Lemma dotv_conj_diag U (d : 'rV[C]_n) v :
  dotv v (adjmx U *m diag_mx d *m U *m v) = \sum_k d 0 k * `|(U *m v) k 0| ^+ 2.
Proof.
rewrite -!mulmxA -dotv_adjmx dotvE; apply: eq_bigr => k _.
by rewrite mul_diag_mx normCK !mxE; ring.
Qed.

Lemma psd_spectral A : psdmx A ->
  exists U (d : 'rV[C]_n), [/\ adjmx U *m U = 1%:M, U *m adjmx U = 1%:M,
     (forall k, 0 <= d 0 k) & A = adjmx U *m diag_mx d *m U].
Proof.
move=> [hA psdA]; have [U [d [UU UU' eA]]] := hermitian_spectral hA.
exists U, d; split => // k; pose v := adjmx U *m delta_mx k (0 : 'I_1).
have := psdA v; rewrite -mulmxA -/(dotv _ _) eA dotv_conj_diag.
rewrite /v mulmxA UU' mul1mx (bigD1 k) //= big1 => [|j jk]; rewrite !mxE.
  by rewrite !eqxx normr1 expr1n mulr1 addr0.
by rewrite (negbTE jk) normr0 expr0n mulr0.
Qed.

Lemma psd_sqrt_spec A : psdmx A -> psdmx (psd_sqrt A) /\ psd_sqrt A *m psd_sqrt A = A.
Proof.
move=> /psd_spectral [U [d [UU UU' d_ge0 eA]]].
rewrite /psd_sqrt.
apply: (epsilon_spec (inhabits (0 : 'M[C]_n)) (fun B => psdmx B /\ B *m B = A)).
pose e := \row_k sqrtC (d 0 k).
have e_ge0 k : 0 <= e 0 k by rewrite mxE sqrtC_ge0.
exists (adjmx U *m diag_mx e *m U); split; first split.
- rewrite !adjmxM adjmxK adjmx_diag mulmxA; congr (_ *m diag_mx _ *m _).
  by apply/rowP => k; rewrite !mxE geC0_conj // sqrtC_ge0.
- move=> v; rewrite -mulmxA -/(dotv _ _) dotv_conj_diag.
  by apply: sumr_ge0 => k _; rewrite mulr_ge0 ?exprn_ge0.
- rewrite -!mulmxA (mulmxA U) UU' mul1mx (mulmxA (diag_mx e)) mulmx_diag eA -!mulmxA.
  by congr (_ *m (diag_mx _ *m _)); apply/rowP => k; rewrite !mxE -expr2 sqrtCK.
Qed.

Lemma psd_adjmx_mul X : psdmx (adjmx X *m X).
Proof.
split; first by rewrite adjmxM adjmxK.
by move=> v; rewrite mulmxA -adjmxM -mulmxA dotv_ge0.
Qed.

Lemma mxtrace_psd_ge0 A : psdmx A -> 0 <= \tr A.
Proof.
move=> [_ psdA]; apply: sumr_ge0 => k _.
by have := psdA (delta_mx k 0); rewrite adjmx_delta -rowE -colE !mxE.
Qed.

End PositiveSquareRoot.

Section TraceNorm.
Variables (C : numClosedFieldType) (n : nat).
Implicit Types (X : 'M[C]_n).

Lemma trnorm_ge0 X : 0 <= trnorm X.
Proof. exact/mxtrace_psd_ge0/(psd_sqrt_spec (psd_adjmx_mul X)).1. Qed.

Lemma trnorm_polar X : exists W V : 'M[C]_n,
  [/\ contractive W, contractive V & trnorm X = \tr (W *m X *m adjmx V)].
Proof.
have [psdB BB] := psd_sqrt_spec (psd_adjmx_mul X).
have [U [d [UU UU' d_ge0 eB]]] := psd_spectral psdB.
rewrite /trnorm; set B := psd_sqrt _ in BB eB *.
pose D := diag_mx d; pose Dp := diag_mx (\row_k (d 0 k)^-1).
have DpDD : Dp *m (D *m D) = D.
  rewrite !mulmx_diag; congr diag_mx; apply/rowP => k; rewrite !mxE.
  by have [->|/mulKf->] := eqVneq (d 0 k) 0; rewrite ?mulr0.
have DpDDp : Dp *m D *m Dp = Dp.
  rewrite !mulmx_diag; congr diag_mx; apply/rowP => k; rewrite !mxE.
  by have [->|/mulVf->] := eqVneq (d 0 k) 0; rewrite ?invr0 ?mulr0 ?mul1r.
have aDp : adjmx Dp = Dp.
  rewrite adjmx_diag; congr diag_mx; apply/rowP => k.
  by rewrite !mxE geC0_conj ?invr_ge0.
have UXXU : U *m (adjmx X *m X) *m adjmx U = D *m D.
  rewrite -BB eB !mulmxA UU' mul1mx.
  by rewrite -(mulmxA _ U) UU' mulmx1 -(mulmxA _ U) UU' mulmx1.
pose W := X *m adjmx U *m Dp.
have WXU : adjmx W *m X *m adjmx U = Dp *m (D *m D).
  by rewrite /W !adjmxM adjmxK aDp -UXXU !mulmxA.
exists (adjmx W), U; split.
- apply: partial_isometry_contractive.
  have WW : adjmx W *m W = Dp *m (D *m D) *m Dp by rewrite -WXU /W !mulmxA.
  by rewrite -mulmxA WW DpDD /W -!mulmxA (mulmxA Dp) DpDDp.
- exact: unitary_contractive.
- by rewrite WXU DpDD eB mxtrace_mulC mulmxA UU' mul1mx.
Qed.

--------------------------------

_INSTRUCTIONS FOR THE TASK:_ The response must hold only the lines above from the line with "- rewrite -!mulmxA" through the line with "Proof. exact/mxtrace_psd_ge0/(psd_sqrt_spec (psd_adjmx_mul", each copied exactly, both ends kept.

_SOLUTION FOR THIS TASK:_
- rewrite -!mulmxA (mulmxA U) UU' mul1mx (mulmxA (diag_mx e)) mulmx_diag eA -!mulmxA.
  by congr (_ *m (diag_mx _ *m _)); apply/rowP => k; rewrite !mxE -expr2 sqrtCK.
Qed.

Lemma psd_adjmx_mul X : psdmx (adjmx X *m X).
Proof.
split; first by rewrite adjmxM adjmxK.
by move=> v; rewrite mulmxA -adjmxM -mulmxA dotv_ge0.
Qed.

Lemma mxtrace_psd_ge0 A : psdmx A -> 0 <= \tr A.
Proof.
move=> [_ psdA]; apply: sumr_ge0 => k _.
by have := psdA (delta_mx k 0); rewrite adjmx_delta -rowE -colE !mxE.
Qed.

End PositiveSquareRoot.

Section TraceNorm.
Variables (C : numClosedFieldType) (n : nat).
Implicit Types (X : 'M[C]_n).

Lemma trnorm_ge0 X : 0 <= trnorm X.
Proof. exact/mxtrace_psd_ge0/(psd_sqrt_spec (psd_adjmx_mul X)).1. Qed.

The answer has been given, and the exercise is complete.